Finding a linear model such as this one can be handled with OpenTURNS.
In OpenTURNS this is done with the LinearModelAlgorithm
class which creates a linear model from numerical samples. To be more specific, it builds the following linear model :
Y = a0 + a1.X1 + ... + an.Xn + epsilon,
where the error epsilon is gaussian with zero mean and unit variance.
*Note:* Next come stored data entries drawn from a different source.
Lemma sum_prefix_le (f : nat -> R) (c : R) n :
  (forall i, (i < n)%N -> 0 <= f i) -> 0 <= c ->
  \sum_(t < n) (if \sum_(i < t) f i + f t <= c then f t else 0) <= c.
Proof.
move=> f0 c0.
suff [] : \sum_(t < n) (if \sum_(i < t) f i + f t <= c then f t else 0) <= \sum_(i < n) f i
  /\ \sum_(t < n) (if \sum_(i < t) f i + f t <= c then f t else 0) <= c by [].
elim: n f0 => [|n IH] f0; first by rewrite !big_ord0.
have [le_sum le_c] := IH (fun i i_lt => f0 i (leqW i_lt)).
rewrite !big_ord_recr /=; case: ifPn => [prefix_le|_].
  by split; [rewrite lerD2r | apply: le_trans prefix_le; rewrite lerD2r].
by rewrite addr0; split => //; apply: le_trans le_sum _; rewrite lerDl f0.
Qed.

Lemma cube_le_of_kappa_eta (L B Tn C K : R) :
  0 <= L -> 0 <= B -> 0 <= C -> 0 <= K -> (0 < L -> [/\ 0 < B, 0 < Tn & 0 < K]) ->
  (forall kappa eta, 0 < kappa -> 0 < eta ->
     L <= B * kappa + Tn * C / (2 * eta * kappa) + eta * (Tn * K) / 2) ->
  L ^+ 3 <= 27 / 4 * Tn ^+ 2 * C * (B * K).
Proof.
move=> L0 B0 C0 K0 pos bound.
have [-> | L_neq0] := eqVneq L 0.
  rewrite expr0n /=; have := mulr_ge0 (mulr_ge0 (sqr_ge0 Tn) C0) (mulr_ge0 B0 K0); lra.
have L_gt0 : 0 < L by rewrite lt0r L_neq0.
have [B_gt0 T_gt0 K_gt0] := pos L_gt0.
have kappa_gt0 : 0 < L / (3 * B) by rewrite divr_gt0 ?mulr_gt0.
have eta_gt0 : 0 < 2 * L / (3 * Tn * K) by rewrite divr_gt0 ?mulr_gt0.
have := ler_wpM2r (sqr_ge0 L) (bound _ _ kappa_gt0 eta_gt0).
rewrite -exprS (_ : (_ + _ + _) * L ^+ 2 =
  2 / 3 * L ^+ 3 + 9 / 4 * (Tn ^+ 2 * C * (B * K))); last by field; rewrite !gt_eqF.
lra.
Qed.

End real_inequalities.

Section finite_support_bound.
Variables (R : realFieldType) (I : Type) (s : seq I) (T : nat).
Variables (d g : nat -> I -> R) (mu : I -> R) (B beta C : R).
Hypotheses (B_ge0 : 0 <= B) (d_ge0 : forall t x, (t < T)%N -> 0 <= d t x).
Hypothesis g_range : forall t x, (t < T)%N -> 0 <= g t x <= B.
Hypotheses (mu_ge0 : forall x, 0 <= mu x) (mu_mass : \sum_(x <- s) mu x <= 1).
Hypothesis d_mass : forall t, (t < T)%N -> \sum_(x <- s) d t x <= 1.
Hypothesis d_abs_cont : forall t x, (t < T)%N -> mu x = 0 -> d t x = 0.
Hypothesis C_ge0 : 0 <= C.
Hypothesis d_cov : forall t, (t < T)%N -> \sum_(x <- s) d t x ^+ 2 / mu x <= C.
Hypothesis g_sq : forall t, (t < T)%N ->
  \sum_(i < t) \sum_(x <- s) d i x * g t x ^+ 2 <= beta ^+ 2.

Let D t x := \sum_(i < t) d i x.

Let D_ge0 t x : (t < T)%N -> 0 <= D t x.
Proof. by move=> t_lt; apply: sumr_ge0 => i _; apply/d_ge0/(ltn_trans (ltn_ord i)). Qed.

Lemma sum_burn_in_le kappa : 0 < kappa ->
  \sum_(t < T) \sum_(x <- s) B * (if D t x + d t x <= kappa * mu x then d t x else 0)
    <= B * kappa.
Proof.
move=> kappa_gt0; rewrite exchange_big /=.
under eq_bigr do rewrite -mulr_sumr.
rewrite -mulr_sumr ler_wpM2l //; apply: le_trans (_ : \sum_(x <- s) kappa * mu x <= _).
  apply: ler_sum => x _; apply: (sum_prefix_le (f := d^~ x)) => [i|]; first exact: d_ge0.
  exact: mulr_ge0 (ltW kappa_gt0) (mu_ge0 x).
by rewrite -mulr_sumr -[leRHS]mulr1; exact (ler_wpM2l (ltW kappa_gt0) mu_mass).
Qed.

Lemma sum_cov_le kappa eta : 0 < kappa -> 0 < eta ->
  \sum_(t < T) \sum_(x <- s) d t x ^+ 2 / mu x / (2 * eta * kappa)
    <= T%:R * C / (2 * eta * kappa).
Proof.
move=> kappa_gt0 eta_gt0.
rewrite (_ : T%:R * C / _ = \sum_(t < T) (C / (2 * eta * kappa))); last first.
  by rewrite sumr_const card_ord -[RHS]mulr_natl mulrA.
apply: ler_sum => t _; rewrite -mulr_suml; apply: ler_wpM2r; last exact: d_cov.
by rewrite invr_ge0 ltW // !mulr_gt0.
Qed.

Lemma sum_sq_le eta : 0 < eta ->
  \sum_(t < T) \sum_(x <- s) eta * ((D t x + d t x) * g t x ^+ 2) / 2
    <= eta * (T%:R * (beta ^+ 2 + B ^+ 2)) / 2.
Proof.
move=> eta_gt0; under eq_bigr do rewrite -mulr_suml -mulr_sumr.
rewrite -mulr_suml -mulr_sumr; apply: ler_wpM2r => //; apply: ler_wpM2l; first exact: ltW.
rewrite (_ : T%:R * _ = \sum_(t < T) (beta ^+ 2 + B ^+ 2)); last first.
  by rewrite sumr_const card_ord -[RHS]mulr_natl.
apply: ler_sum => t _; have t_lt := ltn_ord t.
under eq_bigr do rewrite mulrDl.
rewrite big_split /=; apply: lerD.
  by rewrite /D; under eq_bigr do rewrite mulr_suml; rewrite exchange_big /=; exact: g_sq.
apply: le_trans (_ : \sum_(x <- s) d t x * B ^+ 2 <= _).
  apply: ler_sum => x _; apply: ler_wpM2l; first exact: d_ge0.
  by have /andP[g0 gB] := g_range x t_lt; apply: lerXn2r; rewrite ?nnegrE.
by rewrite -mulr_suml -[leRHS]mul1r ler_wpM2r ?sqr_ge0 // d_mass.
Qed.

Lemma sum_mul_le_kappa_eta kappa eta : 0 < kappa -> 0 < eta ->
  \sum_(t < T) \sum_(x <- s) d t x * g t x <=
    B * kappa + T%:R * C / (2 * eta * kappa) + eta * (T%:R * (beta ^+ 2 + B ^+ 2)) / 2.
Proof.
move=> kappa_gt0 eta_gt0.
apply: le_trans (lerD (lerD (sum_burn_in_le kappa_gt0) (sum_cov_le kappa_gt0 eta_gt0))
  (sum_sq_le eta_gt0)).
rewrite -!big_split; apply: ler_sum => t _; rewrite -!big_split; apply: ler_sum => x _.
have t_lt := ltn_ord t.
exact: mul_le_burn_in_amgm (d_ge0 x t_lt) (g_range x t_lt) (D_ge0 x t_lt) (mu_ge0 x)
  (d_abs_cont t_lt) kappa_gt0 eta_gt0.
Qed.

Lemma sum_mul_cube_le :
  (\sum_(t < T) \sum_(x <- s) d t x * g t x) ^+ 3
    <= 27 / 4 * T%:R ^+ 2 * C * (beta ^+ 2 * B + B ^+ 3).
Proof.
have g_ge0 t x : (t < T)%N -> 0 <= g t x by move=> /(g_range x) /andP[].
have L_ge0 : 0 <= \sum_(t < T) \sum_(x <- s) d t x * g t x.
  apply: sumr_ge0 => t _; apply: sumr_ge0 => x _.
  exact: mulr_ge0 (d_ge0 x (ltn_ord t)) (g_ge0 t x (ltn_ord t)).
rewrite (_ : beta ^+ 2 * B + B ^+ 3 = B * (beta ^+ 2 + B ^+ 2)); last by ring.
apply: cube_le_of_kappa_eta => //; last exact: sum_mul_le_kappa_eta.
  by rewrite addr_ge0 ?sqr_ge0.
move=> L_gt0; have [T_eq0|T_gt0] := posnP T.
  by move: L_gt0; rewrite T_eq0 big_ord0 ltxx.
have B_gt0 : 0 < B.
  rewrite lt_def B_ge0 andbT; apply: contraTneq L_gt0 => B_eq0.
  rewrite big1 ?ltxx // => t _; rewrite big1 // => x _.
  have /andP[g0 gB] := g_range x (ltn_ord t).
  by rewrite (_ : g t x = 0) ?mulr0 //; apply/le_anti; rewrite g0 andbT -B_eq0.
by split; rewrite ?ltr0n // ltr_wpDl ?sqr_ge0 ?exprn_gt0.
Qed.

End finite_support_bound.

Lemma le_powR_of_cube_le (R : realType) (L c Q Tn : R) :
  0 <= c -> 0 <= Q -> 0 <= Tn ->
  (forall C, c < C -> L ^+ 3 <= 27 / 4 * Tn ^+ 2 * C * Q) ->
  L <= 2 * c `^ 3^-1 * Q `^ 3^-1 * Tn `^ (2 / 3).
Proof.
move=> c0 Q0 T0 cube_le.
have [L_le0|/ltW L0] := lerP L 0.
  by apply: le_trans L_le0 _; rewrite !mulr_ge0 ?powR_ge0.
set m := 27 / 4 * Tn ^+ 2 * Q.
have m_ge0 : 0 <= m by rewrite /m; have := mulr_ge0 (sqr_ge0 Tn) Q0; lra.
have cube_le_c : L ^+ 3 <= m * c.
  apply/ler_addgt0Pr => e e_gt0.
  have m1_gt0 : 0 < m + 1 by rewrite ltr_wpDl.
  have := cube_le (c + e / (m + 1)); rewrite ltrDl divr_gt0 // => /(_ isT) /le_trans; apply.
  rewrite (_ : 27 / 4 * _ * _ * Q = m * (c + e / (m + 1))); last by rewrite /m; ring.
  by rewrite mulrDr lerD2l mulrCA ger_pMr // ler_pdivrMr // mul1r lerDl.
have cube_le_8 : L ^+ 3 <= 8 * Tn ^+ 2 * c * Q.
  apply: le_trans cube_le_c _; rewrite /m.
  by have := mulr_ge0 (mulr_ge0 (sqr_ge0 Tn) c0) Q0; lra.
have powR_cube x : 0 <= x -> (x `^ 3^-1) ^+ 3 = x.
  by move=> x0; rewrite -powR_mulrn ?powR_ge0 // -powRrM mulVf ?powRr1.
have powR_23 : (Tn `^ (2 / 3)) ^+ 3 = Tn ^+ 2.
  rewrite -powR_mulrn ?powR_ge0 // -powRrM -powR_mulrn //; congr (_ `^ _).
  by rewrite divfK.
rewrite -(@ler_pXn2r _ 3) // ?nnegrE; last by rewrite !mulr_ge0 // ?powR_ge0.
by rewrite !exprMn !powR_cube // powR_23; lra.
Qed.

Lemma sum_occ_mul_cube_le (R : realType) (X A : countType) (M : mdp R X A) (h T : nat)
    (pi : nat -> policy R X A) (g : nat -> X * A -> R) (mu : X * A -> R) (B beta C : R)
    (s : seq (X * A)) :
  (0 < h)%N -> uniq s -> 0 <= B -> 0 <= C -> is_dist mu ->
  (forall t, (t < T)%N -> is_rns_policy (pi t)) ->
  (forall t xa, (t < T)%N -> 0 <= g t xa <= B) ->
  (forall t, (t < T)%N -> (cov_obj M (pi t) h mu <= C%:E)%E) ->
  (forall t, (t < T)%N ->
     (\sum_(i < t) expect M (pi i) h (fun xa => (g t xa ^+ 2)%R) <= (beta ^+ 2)%:E)%E) ->
  (\sum_(t < T) \sum_(xa <- s) fine (occ M (pi t) h xa) * g t xa) ^+ 3
    <= 27 / 4 * T%:R ^+ 2 * C * (beta ^+ 2 * B + B ^+ 3).
Proof.
move=> h_gt0 s_uniq B_ge0 C_ge0 mu_dist pi_rns hg mu_cov hsq.
have [mu_ge0 _] := mu_dist.
apply: (sum_mul_cube_le (d := fun t xa => fine (occ M (pi t) h xa)) (mu := mu)) => //.
- by move=> t xa t_lt; exact: fine_ge0 (occ_ge0 M (pi_rns t t_lt) h xa).
- exact: sum_dist_le1.
- by move=> t t_lt; exact (sum_fine_occ_le1 M h_gt0 (pi_rns t t_lt) s_uniq).
- move=> t xa t_lt; apply: (fine_occ_eq0 h_gt0 (pi_rns t t_lt)).
  exact: le_lt_trans (mu_cov t t_lt) (ltry _).
- move=> t t_lt; rewrite -lee_fin; apply: le_trans (mu_cov t t_lt).
  exact (sum_occ_sq_div_le_cov_obj M h_gt0 (pi_rns t t_lt) mu_ge0 s_uniq).
- move=> t t_lt; rewrite -lee_fin -sumEFin; apply: le_trans (hsq t t_lt).
  apply: lee_sum => i _; have i_lt : (i < T)%N := ltn_trans (ltn_ord i) t_lt.
  exact (sum_fine_occ_mul_le_expect M h_gt0 (pi_rns i i_lt)
    (fun xa => sqr_ge0 (g t xa)) s_uniq).
Qed.

Theorem lemmaI8 (R : realType) (X A : countType) (H : nat) (M : mdp R X A)
  (Pi : set (policy R X A)) (HPi : Pi `<=` @is_rns_policy R X A)
  (h : nat) (hh : (1 <= h <= H)%N)
  (T : nat) (B beta : R) (g : nat -> X * A -> R) (pi : nat -> policy R X A)
  (hg : forall t xa, (t < T)%N -> 0 <= g t xa <= B)
  (hpi : forall t, (t < T)%N -> Pi (pi t))
  (hsq : forall t, (t < T)%N ->
     (\sum_(i < t) expect M (pi i) h (fun xa => (g t xa ^+ 2)%R) <= (beta ^+ 2)%:E)%E)
  (hC : (Ccov M Pi h < +oo)%E) :
  (\sum_(t < T) expect M (pi t) h (g t)
     <= (2 * (fine (Ccov M Pi h)) `^ (3^-1) * (beta ^+ 2 * B + B ^+ 3) `^ (3^-1)
           * (T%:R) `^ (2 / 3))%:E)%E.
Proof.
have h_gt0 : (0 < h)%N by case/andP: hh.
have pi_rns t : (t < T)%N -> is_rns_policy (pi t) by move=> /hpi /HPi.
have Ccov_ge0 := Ccov_fine_ge0 M h HPi.
have [B_lt0|B_ge0] := ltP B 0.
  rewrite big1 => [|t _]; first by rewrite lee_fin !mulr_ge0 ?powR_ge0.
  apply: esum1 => xa _; have /andP[g0 gB] := hg t xa (ltn_ord t).
  by have := le_lt_trans (le_trans g0 gB) B_lt0; rewrite ltxx.
apply: (sum_expect_le h_gt0 pi_rns) => [t xa t_lt|s s_uniq].
  by case/andP: (hg t xa t_lt).
apply: le_powR_of_cube_le => [//||//|C C_gt].
  exact: addr_ge0 (mulr_ge0 (sqr_ge0 beta) B_ge0) (exprn_ge0 3 B_ge0).
have [mu mu_dist mu_cov] := exists_dist_cov_obj_le hC C_gt.
apply: (sum_occ_mul_cube_le (mu := mu)) => //; first exact: le_trans Ccov_ge0 (ltW C_gt).
by move=> t /hpi; exact: mu_cov.
Qed.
Assuming your data is in a csv file, here is a simple script to get the regression coefficients ai :
from __future__ import print_function
import pandas as pd
import openturns as ot
# Assuming the data is a csv file with the given structure
# Y X1 X2 .. X7
df = pd.read_csv("./data.csv", sep="\s+")
# Build a sample from the pandas dataframe
sample = ot.Sample(df.values)
# The observation points are in the first column (dimension 1)
Y = sample[:, 0]
# The input vector (X1,..,X7) of dimension 7
X = sample[:, 1::]
# Build a Linear model approximation
result = ot.LinearModelAlgorithm(X, Y).getResult()
# Get the coefficients ai
print("coefficients of the linear regression model = ", result.getCoefficients())
You can then easily get the confidence intervals with the following call :
# Get the confidence intervals at 90% of the ai coefficients
print(
"confidence intervals of the coefficients = ",
ot.LinearModelAnalysis(result).getCoefficientsConfidenceInterval(0.9),
)
You may find a more detailed example in the OpenTURNS examples.